# Exercises 04 - NumPy for array manipulation

This week we will work with the `numpy` library for numerical manipulations.
The reference guide for numpy can be found here: https://docs.scipy.org/doc/numpy-1.16.1/reference/. It is
quite huge, but the sections of main interests for us are in the "routines" (a synonym for "functions") section,
in particular:
    - Array creation routines
    - Array manipulation routines
    - Input and output
    - Statistics

Some exercises have been modified from https://www.machinelearningplus.com/python/101-numpy-exercises-python/. You can try more exercises there, if you like!

In [1]:
# Import the NumPy library, using `np` as an alias
import numpy as np

### 1. Create a 1D array of numbers from 99 to 110 

Desired output: ```#> array([99, 100, 101, 102, 103, 104, 105, 106, 107, 108, 109, 110])```

In [4]:
# Write your solution here

new_array = np.arange(99,111)
new_array

array([ 99, 100, 101, 102, 103, 104, 105, 106, 107, 108, 109, 110])
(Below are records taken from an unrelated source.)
(* Let $\mathcal{R}$ be a field and $(\mathcal{C}^{\bullet},\partial)$ a bigraded cochain complex of $\mathcal{R}$-vector spaces as in the context. Then there are vector space isomorphisms \[ B^{1}(\mathcal{C},\partial)\cong B^{1}(\mathcal{N}_{0},\overline{\partial})\oplus B^{1}(\mathcal{C}^{0,\bullet},\partial_{0,1}),\qquad Z^{1}(\mathcal{C},\partial)\cong Z^{1}(\mathcal{N}_{0},\overline{\partial})\oplus\ker(\rho_{1}), \] \[ H^{1}(\mathcal{C},\partial)\cong H^{1}(\mathcal{N}_{0},\overline{\partial})\oplus\frac{\ker(\rho_{1})}{B^{1}(\mathcal{C}^{0,\bullet},\partial_{0,1})}. \]
   Context: Setting: $\mathcal{C}^{k}=\bigoplus_{p+q=k}\mathcal{C}^{p,q}$ with $\mathcal{C}^{p,q}=\{0\}$ if $p<0$ or $q<0$; $\partial$ is linear of degree $1$, $\partial^{2}=0$, $\partial=\partial_{2,-1}+\partial_{1,0}+\partial_{0,1}$ with $\partial_{i,j}(\mathcal{C}^{p,q})\subseteq\mathcal{C}^{p+i,q+j}$. For $\eta\in\mathcal{C}^k$, $\eta_{p,q}$ is its $\mathcal{C}^{p,q}$-component; $\pi_{1}:\mathcal{C}\to\bigoplus_{j\geq1}\mathcal{C}^{i,j}$ is the projection along the bigrading. $(\mathcal{C}^{0,\bullet},\partial_{0,1})$ is a cochain complex. $\mathcal{N}_{0}:=\bigoplus_{p}\ker(\partial_{0,1}:\mathcal{C}^{p,0}\to\mathcal{C}^{p,1})$ (degree $p$ part in $\mathcal{C}^{p,0}$) is a subcomplex of $(\mathcal{C},\partial)$ with differential $\overline\partial:=\partial|_{\mathcal{N}_0}=\partial_{1,0}|_{\mathcal{N}_0}$. $\mathcal{A}^{k}:=\{\pi_{1}(\eta)\mid\eta\in\mathcal{C}^{k},\ \pi_{1}(\partial\eta)=0\}$; for $\xi\in\mathcal{A}^{k}$ and any $\eta\in\mathcal{C}^{k}$ with $\pi_{1}\eta=\xi$, $\pi_{1}(\partial\eta)=0$, the element $\partial_{2,-1}\xi_{k-1,1}+\partial_{1,0}\eta_{k,0}$ is a cocycle of $(\mathcal{N}_{0},\overline\partial)$ whose class depends only on $\xi$, defining the linear map $\rho_{k}:\mathcal{A}^{k}\to H^{k+1}(\mathcal{N}_{0},\overline{\partial})$. *)

From HB Require Import structures.
From mathcomp Require Import all_boot all_algebra.
Set Implicit Arguments. Unset Strict Implicit. Unset Printing Implicit Defensive.
Import GRing.Theory.
Local Open Scope ring_scope.
Definition graph_wf (V : {set T}) (E : rel T) : Prop :=
  symmetric E /\ irreflexive E /\ (forall x y, E x y -> x \in V).

Definition three_connected (B : {set T}) (h : rel T) : Prop :=
  3 < #|B| /\
  forall S : {set T}, #|S| <= 2 ->
    forall x y, x \in B :\: S -> y \in B :\: S ->
      connect [rel u v | [&& h u v, u \notin S & v \notin S]] x y.

Definition nbhd (e : rel T) (w : T) : {set T} := [set u | e w u].

Definition subdivides_at_most_once (e : rel T) (B : {set T}) (h : rel T) : Prop :=
  (forall x y, x \in B -> y \in B -> e x y -> h x y) /\
  (* every vertex outside B subdivides an edge uv of H (which is then absent in G) *)
  (forall w, w \notin B -> exists u v,
      [/\ u \in B, v \in B, h u v, ~~ e u v & nbhd e w = [set u; v]]) /\
  (* every edge of H is either kept or subdivided *)
  (forall u v, h u v -> ~~ e u v ->
      exists w, w \notin B /\ nbhd e w = [set u; v]) /\
  (* at most once *)
  (forall w w', w \notin B -> w' \notin B -> nbhd e w = nbhd e w' -> w = w').

Definition internally_3_connected (e : rel T) : Prop :=
  exists (B : {set T}) (h : rel T),
    [/\ graph_wf B h, three_connected B h & subdivides_at_most_once e B h].

(* Reference cycle, given as a duplicate-free sequence c read cyclically. *)
Definition cedge (c : seq T) (x y : T) : bool :=
  [&& x \in c, y \in c & (y == next c x) || (x == next c y)].

Definition ham_cycle (VJ : {set T}) (eJ : rel T) (c : seq T) : Prop :=
  [/\ uniq c, 2 < size c, (forall x, (x \in c) = (x \in VJ))
    & all (fun x => eJ x (next c x)) c].

Definition chord (eJ : rel T) (c : seq T) (x y : T) : bool :=
  eJ x y && ~~ cedge c x y.

Definition cyc_order4 (c : seq T) (x1 x2 x3 x4 : T) : bool :=
  [&& x1 \in c, x2 \in c, x3 \in c, x4 \in c &
   [exists i : 'I_(size c),
      let s := rot i c in
      [&& index x1 s < index x2 s, index x2 s < index x3 s
        & index x3 s < index x4 s]]].

Definition crossing (eJ : rel T) (c : seq T) (a b x y : T) : bool :=
  [&& chord eJ c a b, chord eJ c x y, uniq [:: a; b; x; y]
    & cyc_order4 c a x b y].
Definition tableaux d N (l : {ffun 'I_d -> 'I_d.+1}) (f : nat -> nat) :
    {set {ffun 'I_d * 'I_d -> option 'I_N}} :=
  [set T | is_ssyt l T & [forall i, #|[set c | T c == Some i]| == f i]].

Section Coefficients.
Local Open Scope ring_scope.

Lemma eq_mnm_of N (x : 'X_{1..N}) f : (x == mnm_of N f) = [forall i, x i == f i].
Proof.
apply/eqP/forallP => [-> i|x_f]; first by rewrite mnmE.
by apply/mnmP => i; rewrite mnmE; apply/eqP.
Qed.

Lemma mcoeff_sum_mpolyX N (I : finType) (P : pred I) (F : I -> 'X_{1..N}) f :
  (\sum_(i | P i) ('X_[F i] : {mpoly rat[N]}))@_(mnm_of N f) =
  #|[set i | P i & [forall j, F i j == f j]]|%:R.
Proof.
rewrite raddf_sum /= -sum_bool_card natr_sum.
by apply: eq_bigr => i _; rewrite mcoeffX eq_mnm_of.
Qed.

Lemma mnm_sum_option N (I : finType) (g : I -> option 'I_N) (j : 'I_N) :
  (\sum_(x : I) (if g x is Some i then U_(i) else 0))%MM j =
  #|[set x | g x == Some j]|.
Proof.
rewrite mnm_sumE -sum1dep_card [RHS]big_mkcond; apply: eq_bigr => x _.
by case: (g x) => [i|]; rewrite ?mnm1E ?mnm0E // (inj_eq Some_inj); case: (i == j).
Qed.
(* Let $\mathcal T$ and $\mathcal S$ be triangulated categories and let $T:\mathcal S\to\mathcal T$ be a triangle functor. Suppose $T$ has a left (respectively right) adjoint $S$. Let $M$ be an object of $\mathcal S$. Then the following are equivalent: (1) $M$ is $T$-relative projective (respectively injective); (2) $M$ is in $\mathrm{add}(\mathrm{im}(S))$; (3) $M$ is a direct factor of $S(L)$ for some object $L$ of $\mathcal T$; (4) $M$ is a direct factor of $ST(M)$.
   Context: An object $Q$ of $\mathcal S$ is $T$-relative projective if the natural transformation $\mathcal S(Q,-)\to\mathcal T(TQ,T-)$ induced by $T$ is injective, and $T$-relative injective if the natural transformation $\mathcal S(-,Q)\to\mathcal T(T-,TQ)$ induced by $T$ is injective. $\mathrm{add}(\mathrm{im}(S))$ is the full subcategory of direct summands of finite direct sums of objects in the image of $S$. *)

From HB Require Import structures.
From mathcomp Require Import all_boot all_algebra.
Set Implicit Arguments. Unset Strict Implicit. Unset Printing Implicit Defensive.
Import GRing.Theory.
Local Open Scope ring_scope.

Record PreAdd := {
  Obj :> Type;
  Hom : Obj -> Obj -> zmodType;
  idm : forall X, Hom X X;
  cmp : forall X Y Z, Hom Y Z -> Hom X Y -> Hom X Z;
  cmpA : forall X Y Z W (h : Hom Z W) (g : Hom Y Z) (f : Hom X Y),
      cmp h (cmp g f) = cmp (cmp h g) f;
  cmp1l : forall X Y (f : Hom X Y), cmp (idm Y) f = f;
  cmp1r : forall X Y (f : Hom X Y), cmp f (idm X) = f;
  cmpDl : forall X Y Z (g g' : Hom Y Z) (f : Hom X Y),
      cmp (g + g') f = cmp g f + cmp g' f;
  cmpDr : forall X Y Z (g : Hom Y Z) (f f' : Hom X Y),
      cmp g (f + f') = cmp g f + cmp g f'
}.
Arguments Hom {C} X Y : rename.
Arguments idm {C} X : rename.
Arguments cmp {C X Y Z} g f : rename.

Definition is_iso (C : PreAdd) (X Y : C) (f : Hom X Y) : Prop :=
  exists g : Hom Y X, cmp g f = idm X /\ cmp f g = idm Y.

Definition is_zero_obj (C : PreAdd) (Z : C) : Prop :=
  (forall X (f g : Hom Z X), f = g) /\ (forall X (f g : Hom X Z), f = g).

Definition is_biprod (C : PreAdd) (A B X : C)
  (i1 : Hom A X) (p1 : Hom X A) (i2 : Hom B X) (p2 : Hom X B) : Prop :=
  [/\ cmp p1 i1 = idm A, cmp p2 i2 = idm B, cmp p1 i2 = 0, cmp p2 i1 = 0
    & cmp i1 p1 + cmp i2 p2 = idm X].

Definition is_dsum (C : PreAdd) (n : nat) (A : 'I_n -> C) (X : C)
  (i : forall k, Hom (A k) X) (p : forall k, Hom X (A k)) : Prop :=
  [/\ forall k, cmp (p k) (i k) = idm (A k),
      forall j k, j != k -> cmp (p j) (i k) = 0
    & \sum_(k < n) cmp (i k) (p k) = idm X].

Definition direct_summand (C : PreAdd) (M X : C) : Prop :=
  exists (N : C) (i1 : Hom M X) (p1 : Hom X M) (i2 : Hom N X) (p2 : Hom X N),
    is_biprod i1 p1 i2 p2.

Record AddCat := {
  preadd :> PreAdd;
  zobj : preadd;
  zobj_zero : is_zero_obj zobj;
  biprod_ex : forall A B : preadd, exists (X : preadd) (i1 : Hom A X) (p1 : Hom X A)
      (i2 : Hom B X) (p2 : Hom X B), is_biprod i1 p1 i2 p2
}.

Record Functor (C D : PreAdd) := {
  fo :> C -> D;
  fm : forall X Y : C, Hom X Y -> Hom (fo X) (fo Y);
  fm1 : forall X, fm (idm X) = idm (fo X);
  fmC : forall X Y Z (g : Hom Y Z) (f : Hom X Y), fm (cmp g f) = cmp (fm g) (fm f)
}.
Arguments fm {C D} F {X Y} f : rename.

Definition additive_functor (C D : PreAdd) (F : Functor C D) : Prop :=
  forall X Y (f g : Hom X Y), fm F (f + g) = fm F f + fm F g.

(* Triangulated category (axioms TR1-TR4); the suspension Sig is an
   additive autoequivalence. *)
Record TriCat := {
  tcat :> AddCat;
  Sig : Functor tcat tcat;
  Sig_add : additive_functor Sig;
  Sig_ff : forall X Y : tcat, bijective (@fm _ _ Sig X Y);
  Sig_es : forall Y : tcat, exists (X : tcat) (u : Hom (Sig X) Y), is_iso u;
  dist : forall X Y Z : tcat, Hom X Y -> Hom Y Z -> Hom Z (Sig X) -> Prop;
  TR1_iso : forall (X Y Z X' Y' Z' : tcat)
      (f : Hom X Y) (g : Hom Y Z) (h : Hom Z (Sig X))
      (f' : Hom X' Y') (g' : Hom Y' Z') (h' : Hom Z' (Sig X'))
      (a : Hom X X') (b : Hom Y Y') (c : Hom Z Z'),
      is_iso a -> is_iso b -> is_iso c ->
      cmp b f = cmp f' a -> cmp c g = cmp g' b -> cmp (fm Sig a) h = cmp h' c ->
      dist f g h -> dist f' g' h';
  TR1_id : forall X : tcat,
      dist (idm X) (0 : Hom X (zobj tcat)) (0 : Hom (zobj tcat) (Sig X));
  TR1_ex : forall (X Y : tcat) (f : Hom X Y),
      exists (Z : tcat) (g : Hom Y Z) (h : Hom Z (Sig X)), dist f g h;
  TR2 : forall (X Y Z : tcat) (f : Hom X Y) (g : Hom Y Z) (h : Hom Z (Sig X)),
      dist f g h <-> dist g h (- fm Sig f);
  TR3 : forall (X Y Z X' Y' Z' : tcat)
      (f : Hom X Y) (g : Hom Y Z) (h : Hom Z (Sig X))
      (f' : Hom X' Y') (g' : Hom Y' Z') (h' : Hom Z' (Sig X'))
      (a : Hom X X') (b : Hom Y Y'),
      dist f g h -> dist f' g' h' -> cmp b f = cmp f' a ->
      exists c : Hom Z Z', cmp c g = cmp g' b /\ cmp (fm Sig a) h = cmp h' c;
  TR4 : forall (X Y Z Z' X' Y' : tcat) (f : Hom X Y) (g : Hom Y Z)
      (j : Hom Y Z') (k : Hom Z' (Sig X))
      (l : Hom Z X') (i : Hom X' (Sig Y))
      (m : Hom Z Y') (n : Hom Y' (Sig X)),
      dist f j k -> dist g l i -> dist (cmp g f) m n ->
      exists (u : Hom Z' Y') (v : Hom Y' X'),
        [/\ dist u v (cmp (fm Sig j) i), cmp u j = cmp m g, cmp v m = l,
            cmp n u = k & cmp i v = cmp (fm Sig f) n]
}.
Arguments Sig {t} : rename.
Arguments dist {t X Y Z} f g h : rename.

Record TriFunctor (C D : TriCat) := {
  tfun :> Functor C D;
  tf_add : additive_functor tfun;
  tf_phi : forall X : C, Hom (tfun (Sig X)) (Sig (tfun X));
  tf_phi_iso : forall X, is_iso (tf_phi X);
  tf_phi_nat : forall (X Y : C) (f : Hom X Y),
      cmp (tf_phi Y) (fm tfun (fm Sig f)) = cmp (fm Sig (fm tfun f)) (tf_phi X);
  tf_dist : forall (X Y Z : C) (f : Hom X Y) (g : Hom Y Z) (h : Hom Z (Sig X)),
      dist f g h -> dist (fm tfun f) (fm tfun g) (cmp (tf_phi X) (fm tfun h))
}.

(* L is left adjoint to R (unit/counit with triangle identities). *)
Definition adjunction (C D : PreAdd) (L : Functor D C) (R : Functor C D) : Prop :=
  exists (eta : forall Y : D, Hom Y (R (L Y))) (eps : forall X : C, Hom (L (R X)) X),
    [/\ forall (Y Y' : D) (f : Hom Y Y'), cmp (eta Y') f = cmp (fm R (fm L f)) (eta Y),
        forall (X X' : C) (f : Hom X X'), cmp f (eps X) = cmp (eps X') (fm L (fm R f)),
        forall Y : D, cmp (eps (L Y)) (fm L (eta Y)) = idm (L Y)
      & forall X : C, cmp (fm R (eps X)) (eta (R X)) = idm (R X)].

Definition rel_projective (C D : PreAdd) (T : Functor C D) (Q : C) : Prop :=
  forall (Y : C) (f g : Hom Q Y), fm T f = fm T g -> f = g.

Definition rel_injective (C D : PreAdd) (T : Functor C D) (Q : C) : Prop :=
  forall (Y : C) (f g : Hom Y Q), fm T f = fm T g -> f = g.

Definition in_add_im (C D : PreAdd) (S : Functor D C) (M : C) : Prop :=
  exists (n : nat) (L : 'I_n -> D) (X : C)
    (i : forall k, Hom (S (L k)) X) (p : forall k, Hom X (S (L k))),
    is_dsum i p /\ direct_summand M X.

(* If [S] is left adjoint to [T] with unit [eta] and counit [eps], every
   [f : S L -> Y] factors as [eps Y \o S (T f \o eta L)], so [T] is faithful on
   morphisms out of [S L]; this faithfulness passes to finite direct sums and to
   direct summands, whence (2), (3), (4) => (1).  Conversely, if [M] is
   [T]-relative projective, [w \o eps M = 0] forces
   [T w = T w \o T (eps M) \o eta (T M) = 0], so [eps M] is an epimorphism.
   In a triangulated category monomorphisms and epimorphisms split: the
   connecting morphism of a triangle on a monomorphism vanishes, so the
   triangle splits.  Hence (1) => (4).
   The injective case is the projective one for [T^op], whose left adjoint is
   [S^op]; only the preadditive structure has to be dualised. *)

From mathcomp Require Import all_boot all_algebra.
Set Implicit Arguments. Unset Strict Implicit. Unset Printing Implicit Defensive.
Import GRing.Theory.
Local Open Scope ring_scope.

Lemma all_iff4_congr (P0 P1 P2 P3 Q0 Q1 Q2 Q3 : Prop) :
  P0 <-> Q0 -> P1 <-> Q1 -> P2 <-> Q2 -> P3 <-> Q3 ->
  [<-> P0; P1; P2; P3] -> [<-> Q0; Q1; Q2; Q3].
Proof.
move=> e0 e1 e2 e3 eP; tfae.
- by move/e0/(eP 0 1)/e1.
- by move/e1/(eP 1 2)/e2.
- by move/e2/(eP 2 3)/e3.
- by move/e3/(eP 3 0)/e0.
Qed.

Section AdditiveMaps.
Variables (U V : zmodType) (f : U -> V).
Hypothesis fD : {morph f : x y / x + y}.

Lemma additive_0 : f 0 = 0.
Proof. by apply: (addrI (f 0)); rewrite -fD !addr0. Qed.

Lemma additive_N x : f (- x) = - f x.
Proof. by apply: (addrI (f x)); rewrite -fD !subrr additive_0. Qed.

Lemma additive_B x y : f (x - y) = f x - f y.
Proof. by rewrite fD additive_N. Qed.

Lemma additive_sum n (F : 'I_n -> U) : f (\sum_(k < n) F k) = \sum_(k < n) f (F k).
Proof. exact: (big_morph f fD additive_0). Qed.

End AdditiveMaps.

Section Preadditive.
Variable C : PreAdd.
Implicit Types X Y Z : C.

Lemma cmp0l X Y Z (f : Hom X Y) : cmp (0 : Hom Y Z) f = 0.
Proof. exact: (additive_0 (fun g g' => cmpDl g g' f)). Qed.

Lemma cmp0r X Y Z (g : Hom Y Z) : cmp g (0 : Hom X Y) = 0.
Proof. exact: (additive_0 (cmpDr g)). Qed.

Lemma cmpNl X Y Z (g : Hom Y Z) (f : Hom X Y) : cmp (- g) f = - cmp g f.
Proof. exact: (additive_N (fun g g' => cmpDl g g' f)). Qed.

Lemma cmpNr X Y Z (g : Hom Y Z) (f : Hom X Y) : cmp g (- f) = - cmp g f.
Proof. exact: (additive_N (cmpDr g)). Qed.

Lemma cmpBl X Y Z (g g' : Hom Y Z) (f : Hom X Y) : cmp (g - g') f = cmp g f - cmp g' f.
Proof. exact: (additive_B (fun g g' => cmpDl g g' f)). Qed.
Lemma gr_trace_Q (a : gring_op A) : in_gr_trace (lmod_of_rmod (bimod_r Q)) a.
Proof.
have [l ->] := mu_onto a; apply: in_gr_trace_asum => -[p q] _ /=.
have [lp [fp [_ Hfp ->]]] := graded_decomp bimod_graded p.
rewrite (additive_asum (mu_additivel q)); apply: in_gr_trace_asum => c _.
exists [:: (q, (c, mu (fp c)))]; split; last by rewrite /= addx0.
move=> _ [<-|[]]; have [h_add [h_bract h_comp]] := mu_rhom_deg (Hfp c).
by split; [|split] => [|b q'|t q' Hq'] /=; [apply: h_add | apply: h_bract | apply: h_comp].
Qed.

Lemma morita_lgenerates : lgenerates (bimod_l P) (lreg A).
Proof. by apply: (gr_trace_full_lgenerates gr_trace_P); apply: morita_idemA. Qed.
Lemma morita_rgenerates : rgenerates (bimod_r Q) (rreg A).
Proof.
apply/rgenerates_op/(gr_trace_full_lgenerates gr_trace_Q).
exact/(proj1 lmod_of_rmod_unital)/morita_idemA.
Qed.
Lemma morita_lgr_generator : lgr_generator (lquot (bimod_l P)).
Proof. exact: (gr_trace_full_lgr_generator gr_trace_P morita_idemA morita_lunitalP). Qed.
Lemma morita_rgr_generator : rgr_generator (rquot (bimod_r Q)).
Proof.
apply/rgr_generator_op/(gr_trace_full_lgr_generator gr_trace_Q).
  exact/gring_op_idem/morita_idemA.
exact/(proj1 lmod_of_rmod_unital)/morita_runitalQ.
Qed.

(* With a = sum_j <p'_j,q'_j>, balancedness gives
   a p_i (x) q_i = p'_j [q'_j,p_i] (x) q_i = p'_j (x) q'_j <p_i,q_i>,
   which sums to 0 over i; the right action is symmetric. *)
Lemma morita_ker_mu_torsion : ker_mu_torsion mu.
Proof.
move=> l Hl; split=> a Z f HZ f_addl f_addr f_bal; have [la Ea] := mu_onto a; rewrite asum_map /=.
- have Ef (x : P * Q) : f (blact a x.1) x.2 = asum la (fun y => f y.1 (bract y.2 (mu x.1 x.2))).
    rewrite Ea blact_asuml (additive_asum (f := fun m => f m x.2) (fun m m' => f_addl m m' x.2)).
    by apply: eq_asum => y _; rewrite -bract_nu f_bal -bract_mu.
  rewrite (eq_asum (fun x _ => Ef x)) exchange_asum; apply: asum_eq0 => y _.
  by rewrite -(additive_asum (f_addr y.1)) -bract_asumr Hl bract0r (additive0 (f_addr y.1)).
- have Ef (x : P * Q) : f x.1 (bract x.2 a) = asum la (fun y => f (blact (mu x.1 x.2) y.1) y.2).
    rewrite Ea bract_asumr (additive_asum (f_addr x.1)).
    by apply: eq_asum => y _; rewrite bract_mu -f_bal bract_nu.
  rewrite (eq_asum (fun x _ => Ef x)) exchange_asum; apply: asum_eq0 => y _.
  have f_add : ladditive (fun m => f m y.2) by move=> m m'; apply: f_addl.
  by rewrite -(additive_asum f_add) -blact_asuml Hl blact0l (additive0 f_add).
Qed.

Lemma nu_ker_rtors q : (fun p => nu q p) = (fun _ => azero) -> rtors (bimod_r Q) q.
Proof.
move=> Eq a; have [l ->] := mu_onto a.
rewrite /= bract_asumr; apply: asum_eq0 => y _.
by rewrite bract_mu (congr1 (fun f => f y.1) Eq) blact0l.
Qed.

(* HOM_B(P,B).A is spanned by the maps p |-> h(a p); writing a = sum_j <p_j,q_j>,
   h(<p_j,q_j> p) = h(p_j [q_j,p]) = h(p_j) [q_j,p] = [h(p_j) q_j, p]. *)
Lemma nu_onto_HOMR F : HOMR (M := P) F -> exists q, nu q = F.
Proof.
move=> [l [Hl ->]].
suff [q Hq] : exists q, forall p, nu q p = asum l (fun x => x.1 (blact x.2 p)).
  by exists q; apply: functional_extensionality.
elim: l Hl => [|[h a] l IH] Hl; first by exists azero => p; apply: (additive0 (nu_additivel p)).
have [q Hq] := IH (fun y Hy => Hl y (or_intror Hy)).
have /= [h_add h_bract] := rHOM_linear (Hl (h, a) (or_introl erefl)).
have [la Ea] := mu_onto a.
exists (aadd (asum la (fun y => blact (h y.1) y.2)) q) => p.
rewrite nu_addl Hq; congr aadd.
rewrite Ea blact_asuml (additive_asum h_add) (additive_asum (nu_additivel p)).
by apply: eq_asum => y _; rewrite nu_blact -bract_nu h_bract.
Qed.

Lemma nu_HOMR_epi : HOMR_epi (fun q p => nu q p).
Proof.
split.
- move=> q; have [l Eq] := morita_runitalQ q.
  exists (map (fun x => (nu x.1, x.2)) l); split.
    by move=> _ /List.in_map_iff [y [<- _]]; apply: nu_rHOM.
  apply: functional_extensionality => p.
  by rewrite asum_map Eq (additive_asum (nu_additivel p)); apply: eq_asum => y _; rewrite /= nu_bal.
- exact: nu_onto_HOMR.
- by move=> q q'; apply: functional_extensionality => p; apply: nu_addl.
- by split=> [b q|q a]; apply: functional_extensionality => p; rewrite ?nu_blact ?nu_bal.
- by move=> t q Hq; apply: nu_rhom_deg.
Qed.

Lemma nu_HOMR_iso : rtfree (bimod_r Q) -> HOMR_iso (fun q p => nu q p).
Proof.
move=> Q_tfree; split; first exact: nu_HOMR_epi.
split=> [q q' Eqq'|t F HF [_ [_ F_comp]]].
  apply: sub0_eq; apply: Q_tfree; apply: nu_ker_rtors.
  apply: functional_extensionality => p.
  by rewrite nu_addl (additiveN (nu_additivel p)) (congr1 (fun f => f p) Eqq') addxN.
have [q EF] := nu_onto_HOMR HF; subst F.
have [lq [fq [ND Ht Hfq Eq]]] := graded_decomp_at bimod_graded q t.
exists (fq t); split=> //; apply: functional_extensionality => p.
have [lp [fp [_ Hfp ->]]] := graded_decomp bimod_graded p.
rewrite !(additive_asum (nu_additiver _)); apply: eq_asum => u _.
apply: (additive_component gring_graded (gmulgK u) (gmulgKV u) (nu_additivel (fp u))
  _ ND Ht Hfq Eq) => [c q' Hq'|]; first exact: nu_comp.
exact: (F_comp _ _ (Hfp u)).
Qed.
End MuOnto.

Section NuOnto.
Hypothesis nu_onto : nu_surj nu.

Lemma mu_ker_ltors q : (fun p => mu p q) = (fun _ => azero) -> ltors (bimod_l Q) q.
Proof.
move=> Eq b; have [l ->] := nu_onto b.
rewrite /= blact_asuml; apply: asum_eq0 => y _.
by rewrite -bract_mu (congr1 (fun f => f y.2) Eq) bract0r.
Qed.

Lemma mu_onto_SHOM F : SHOM (M := P) F -> exists q, (fun p => mu p q) = F.
Proof.
move=> [l [Hl ->]].
suff [q Hq] : exists q, forall p, mu p q = asum l (fun x => x.2 (bract p x.1)).
  by exists q; apply: functional_extensionality.
elim: l Hl => [|[b h] l IH] Hl; first by exists azero => p; apply: (additive0 (mu_additiver p)).
have [q Hq] := IH (fun y Hy => Hl y (or_intror Hy)).
have /= [h_add h_blact] := lHOM_linear (Hl (b, h) (or_introl erefl)).
have [lb Eb] := nu_onto b.
exists (aadd (asum lb (fun y => bract y.1 (h y.2))) q) => p.
rewrite mu_addr Hq; congr aadd.
rewrite Eb bract_asumr (additive_asum h_add) (additive_asum (mu_additiver p)).
by apply: eq_asum => y _; rewrite mu_bract bract_nu h_blact.
Qed.

Lemma mu_SHOM_epi : SHOM_epi (fun q p => mu p q).
Proof.
split.
- move=> q; have [l Eq] := morita_lunitalQ q.
  exists (map (fun x => (x.1, fun p => mu p x.2)) l); split.
    by move=> _ /List.in_map_iff [y [<- _]]; apply: mu_lHOM.
  apply: functional_extensionality => p.
  by rewrite asum_map Eq (additive_asum (mu_additiver p)); apply: eq_asum => y _; rewrite /= mu_bal.
- exact: mu_onto_SHOM.
- by move=> q q'; apply: functional_extensionality => p; apply: mu_addr.
- by split=> [b q|q a]; apply: functional_extensionality => p; rewrite ?mu_bal ?mu_bract.
- by move=> t q Hq; apply: mu_lhom_deg.
Qed.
### 2. Create a 3x3 numpy array of all False values 

In [12]:
# Write your solution here
false_array= np.ones((3,3))>2
false_array

array([[False, False, False],
       [False, False, False],
       [False, False, False]])

### 3. Replace all odd numbers in ```arr``` with -1

Sample input: ```np.array([0, 1, 2, 3, 4, 5, 6, 7, 8, 9])```

Desired output: ```#>  array([ 0, -1,  2, -1,  4, -1,  6, -1,  8, -1])```

In [13]:
# Sample input
arr = np.array([0, 1, 2, 3, 4, 5, 6, 7, 8, 9])

# Write your solution here:
arr[arr%2==1]=-1
arr

array([ 0, -1,  2, -1,  4, -1,  6, -1,  8, -1])

### 4 Stack two arrays vertically



Consider these two numpy arrays as input:

```
a = np.arange(10).reshape(2,-1)
b = np.repeat(1, 10).reshape(2,-1)
```

```
a = [[0 1 2 3 4]
 [5 6 7 8 9]]
 
b = [[1 1 1 1 1]
 [1 1 1 1 1]]
```

Desired output:
```
c = [[0, 1, 2, 3, 4],
     [5, 6, 7, 8, 9],
     [1, 1, 1, 1, 1],
     [1, 1, 1, 1, 1]])
```

In [36]:
a = np.arange(10).reshape(2,-1)
b = np.repeat(1, 10).reshape(2,-1)

# Write your solution here
c= np.vstack((a,b))
print("c=",c)

c= [[0 1 2 3 4]
 [5 6 7 8 9]
 [1 1 1 1 1]
 [1 1 1 1 1]]


## Exercises of data manipulation on the "500_Person_Gender_Height_Weight_Index" dataset.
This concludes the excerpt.